Set down exactly the lines below between the line holding "split=> [[spF JCoph]" and the line holding "split; first by move/e10/pc_pe/e11.", inclusive; no other line belongs in the answer.

[Stored data entries]
──────────────────────────────

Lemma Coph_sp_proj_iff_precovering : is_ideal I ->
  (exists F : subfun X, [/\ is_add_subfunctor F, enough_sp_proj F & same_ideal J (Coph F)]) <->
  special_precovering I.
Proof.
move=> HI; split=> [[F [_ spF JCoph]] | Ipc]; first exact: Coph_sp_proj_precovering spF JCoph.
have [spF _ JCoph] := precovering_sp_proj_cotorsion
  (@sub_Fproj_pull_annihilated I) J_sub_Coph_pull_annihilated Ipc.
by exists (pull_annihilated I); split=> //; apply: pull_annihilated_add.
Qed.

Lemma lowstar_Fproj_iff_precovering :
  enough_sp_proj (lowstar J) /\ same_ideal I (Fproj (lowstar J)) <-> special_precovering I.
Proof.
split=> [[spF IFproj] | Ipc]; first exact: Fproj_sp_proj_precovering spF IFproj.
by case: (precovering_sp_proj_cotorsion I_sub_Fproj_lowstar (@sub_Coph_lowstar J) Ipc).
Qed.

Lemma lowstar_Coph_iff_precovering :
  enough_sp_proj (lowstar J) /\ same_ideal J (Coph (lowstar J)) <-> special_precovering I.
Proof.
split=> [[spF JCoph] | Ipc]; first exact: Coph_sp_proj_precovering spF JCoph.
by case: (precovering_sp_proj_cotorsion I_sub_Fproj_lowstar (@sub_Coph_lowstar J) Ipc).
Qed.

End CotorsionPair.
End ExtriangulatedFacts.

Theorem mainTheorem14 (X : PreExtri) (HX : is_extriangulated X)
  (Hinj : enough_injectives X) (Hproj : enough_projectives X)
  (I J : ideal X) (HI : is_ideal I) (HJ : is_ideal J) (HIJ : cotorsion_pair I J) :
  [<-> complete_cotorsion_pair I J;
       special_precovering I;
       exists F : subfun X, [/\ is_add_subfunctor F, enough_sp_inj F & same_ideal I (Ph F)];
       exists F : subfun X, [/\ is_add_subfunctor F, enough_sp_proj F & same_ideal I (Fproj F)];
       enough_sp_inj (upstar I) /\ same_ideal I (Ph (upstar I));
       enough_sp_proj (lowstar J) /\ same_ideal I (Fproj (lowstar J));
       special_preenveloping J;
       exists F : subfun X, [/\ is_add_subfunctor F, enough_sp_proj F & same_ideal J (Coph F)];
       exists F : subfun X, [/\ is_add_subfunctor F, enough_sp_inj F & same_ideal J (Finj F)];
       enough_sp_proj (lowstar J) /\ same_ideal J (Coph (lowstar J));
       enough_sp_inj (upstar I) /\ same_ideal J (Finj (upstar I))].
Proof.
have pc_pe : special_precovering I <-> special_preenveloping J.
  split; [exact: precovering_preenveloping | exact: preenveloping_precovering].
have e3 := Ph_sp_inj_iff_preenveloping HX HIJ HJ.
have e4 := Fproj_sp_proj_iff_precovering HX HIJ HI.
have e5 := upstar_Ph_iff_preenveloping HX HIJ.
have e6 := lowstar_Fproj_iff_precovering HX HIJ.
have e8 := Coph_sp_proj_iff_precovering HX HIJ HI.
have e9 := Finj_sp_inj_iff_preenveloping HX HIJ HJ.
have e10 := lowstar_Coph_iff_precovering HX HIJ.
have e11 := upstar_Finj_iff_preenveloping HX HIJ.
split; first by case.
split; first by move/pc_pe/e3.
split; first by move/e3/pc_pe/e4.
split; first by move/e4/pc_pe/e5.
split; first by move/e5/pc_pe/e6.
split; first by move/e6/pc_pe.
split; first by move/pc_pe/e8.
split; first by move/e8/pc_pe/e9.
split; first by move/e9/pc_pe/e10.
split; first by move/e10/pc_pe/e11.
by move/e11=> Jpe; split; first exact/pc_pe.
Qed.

──────────────────────────────

TASK OUTPUT:
split=> [[spF JCoph] | Ipc]; first exact: Coph_sp_proj_precovering spF JCoph.
by case: (precovering_sp_proj_cotorsion I_sub_Fproj_lowstar (@sub_Coph_lowstar J) Ipc).
Qed.

End CotorsionPair.
End ExtriangulatedFacts.

Theorem mainTheorem14 (X : PreExtri) (HX : is_extriangulated X)
  (Hinj : enough_injectives X) (Hproj : enough_projectives X)
  (I J : ideal X) (HI : is_ideal I) (HJ : is_ideal J) (HIJ : cotorsion_pair I J) :
  [<-> complete_cotorsion_pair I J;
       special_precovering I;
       exists F : subfun X, [/\ is_add_subfunctor F, enough_sp_inj F & same_ideal I (Ph F)];
       exists F : subfun X, [/\ is_add_subfunctor F, enough_sp_proj F & same_ideal I (Fproj F)];
       enough_sp_inj (upstar I) /\ same_ideal I (Ph (upstar I));
       enough_sp_proj (lowstar J) /\ same_ideal I (Fproj (lowstar J));
       special_preenveloping J;
       exists F : subfun X, [/\ is_add_subfunctor F, enough_sp_proj F & same_ideal J (Coph F)];
       exists F : subfun X, [/\ is_add_subfunctor F, enough_sp_inj F & same_ideal J (Finj F)];
       enough_sp_proj (lowstar J) /\ same_ideal J (Coph (lowstar J));
       enough_sp_inj (upstar I) /\ same_ideal J (Finj (upstar I))].
Proof.
have pc_pe : special_precovering I <-> special_preenveloping J.
  split; [exact: precovering_preenveloping | exact: preenveloping_precovering].
have e3 := Ph_sp_inj_iff_preenveloping HX HIJ HJ.
have e4 := Fproj_sp_proj_iff_precovering HX HIJ HI.
have e5 := upstar_Ph_iff_preenveloping HX HIJ.
have e6 := lowstar_Fproj_iff_precovering HX HIJ.
have e8 := Coph_sp_proj_iff_precovering HX HIJ HI.
have e9 := Finj_sp_inj_iff_preenveloping HX HIJ HJ.
have e10 := lowstar_Coph_iff_precovering HX HIJ.
have e11 := upstar_Finj_iff_preenveloping HX HIJ.
split; first by case.
split; first by move/pc_pe/e3.
split; first by move/e3/pc_pe/e4.
split; first by move/e4/pc_pe/e5.
split; first by move/e5/pc_pe/e6.
split; first by move/e6/pc_pe.
split; first by move/pc_pe/e8.
split; first by move/e8/pc_pe/e9.
split; first by move/e9/pc_pe/e10.
split; first by move/e10/pc_pe/e11.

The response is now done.